Multi-omic Data Integration

Multi-omic Data Integration

Author: Paolo Tieri

Publisher: Frontiers Media SA

Published: 2015-09-17

Total Pages: 137

ISBN-13: 2889196488

DOWNLOAD EBOOK

Stable, predictive biomarkers and interpretable disease signatures are seen as a significant step towards personalized medicine. In this perspective, integration of multi-omic data coming from genomics, transcriptomics, glycomics, proteomics, metabolomics is a powerful strategy to reconstruct and analyse complex multi-dimensional interactions, enabling deeper mechanistic and medical insight. At the same time, there is a rising concern that much of such different omic data –although often publicly and freely available- lie in databases and repositories underutilised or not used at all. Issues coming from lack of standardisation and shared biological identities are also well-known. From these considerations, a novel, pressing request arises from the life sciences to design methodologies and approaches that allow for these data to be interpreted as a whole, i.e. as intertwined molecular signatures containing genes, proteins, mRNAs and miRNAs, able to capture inter-layers connections and complexity. Papers discuss data integration approaches and methods of several types and extents, their application in understanding the pathogenesis of specific diseases or in identifying candidate biomarkers to exploit the full benefit of multi-omic datasets and their intrinsic information content. Topics of interest include, but are not limited to: • Methods for the integration of layered data, including, but not limited to, genomics, transcriptomics, glycomics, proteomics, metabolomics; • Application of multi-omic data integration approaches for diagnostic biomarker discovery in any field of the life sciences; • Innovative approaches for the analysis and the visualization of multi-omic datasets; • Methods and applications for systematic measurements from single/undivided samples (comprising genomic, transcriptomic, proteomic, metabolomic measurements, among others); • Multi-scale approaches for integrated dynamic modelling and simulation; • Implementation of applications, computational resources and repositories devoted to data integration including, but not limited to, data warehousing, database federation, semantic integration, service-oriented and/or wiki integration; • Issues related to the definition and implementation of standards, shared identities and semantics, with particular focus on the integration problem. Research papers, reviews and short communications on all topics related to the above issues were welcomed.

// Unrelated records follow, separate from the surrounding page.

Lemma decr_top_hr r n s :
  hr_pred r n s -> top_gap s -> hr_pred r n.-1 (decr_top s) && (incr_top (decr_top s) == s).
Proof.
case/and3P=> s_part /eqP s_per s_mult /andP[x_gt1 x1_notin].
have [x [t s_def]] := partition_cons s_part.
have head_s : head 0 s = x by rewrite s_def.
rewrite head_s in x_gt1 x1_notin.
have ne_x1 y : y \in s -> y != x.-1 by move=> ys; apply: contraNneq x1_notin => <-.
have head_decr : head 0 (decr_top s) = x.-1 by rewrite /decr_top s_def /= eqxx.
have /andP[decr_part decr_mult] : is_partition (decr_top s) && mult_lt r (decr_top s).
  rewrite /decr_top head_s; apply: map_partition => //.
  - by move=> a b /=; case: eqP; case: eqP => ? ? ?; lia.
  - move=> a b /ne_x1 a_ne /ne_x1 b_ne /=; move: a_ne b_ne.
    by case: (a =P x); case: (b =P x) => ? ? ? ? ?; lia.
  - by move=> a /(partition_gt0 s_part) /=; case: eqP => ? ?; lia.
apply/andP; split.
  rewrite /hr_pred decr_part decr_mult /perimeter head_decr /decr_top size_map.
  by rewrite -s_per /perimeter s_def /=; apply/eqP; lia.
apply/eqP; rewrite /incr_top head_decr /decr_top -map_comp -[RHS]map_id.
apply/eq_in_map => y ys /=.
by rewrite head_s; have := ne_x1 _ ys; case: (y =P x) => ? ?; case: eqP => ?; lia.
Qed.

Definition push_top j (t : seq nat) := nseq j (head 0 t).+1 ++ t.

Definition top_stair (s : seq nat) := (1 < head 0 s) && ((head 0 s).-1 \in s).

Single-cell Sequencing and Methylation

Single-cell Sequencing and Methylation

Author: Buwei Yu

Publisher: Springer Nature

Published: 2020-09-19

Total Pages: 247

ISBN-13: 9811544948

DOWNLOAD EBOOK

With the rapid development of biotechnologies, single-cell sequencing has become an important tool for understanding the molecular mechanisms of diseases, defining cellular heterogeneities and characteristics, and identifying intercellular communications and single-cell-based biomarkers. Providing a clear overview of the clinical applications, the book presents state-of-the-art information on immune cell function, cancer progression, infection, and inflammation gained from single-cell DNA or RNA sequencing. Furthermore, it explores the role of target gene methylation in the pathogenesis of diseases, with a focus on respiratory cancer, infection and chronic diseases. As such it is a valuable resource for clinical researchers and physicians, allowing them to refresh their knowledge and improve early diagnosis and therapy for patients.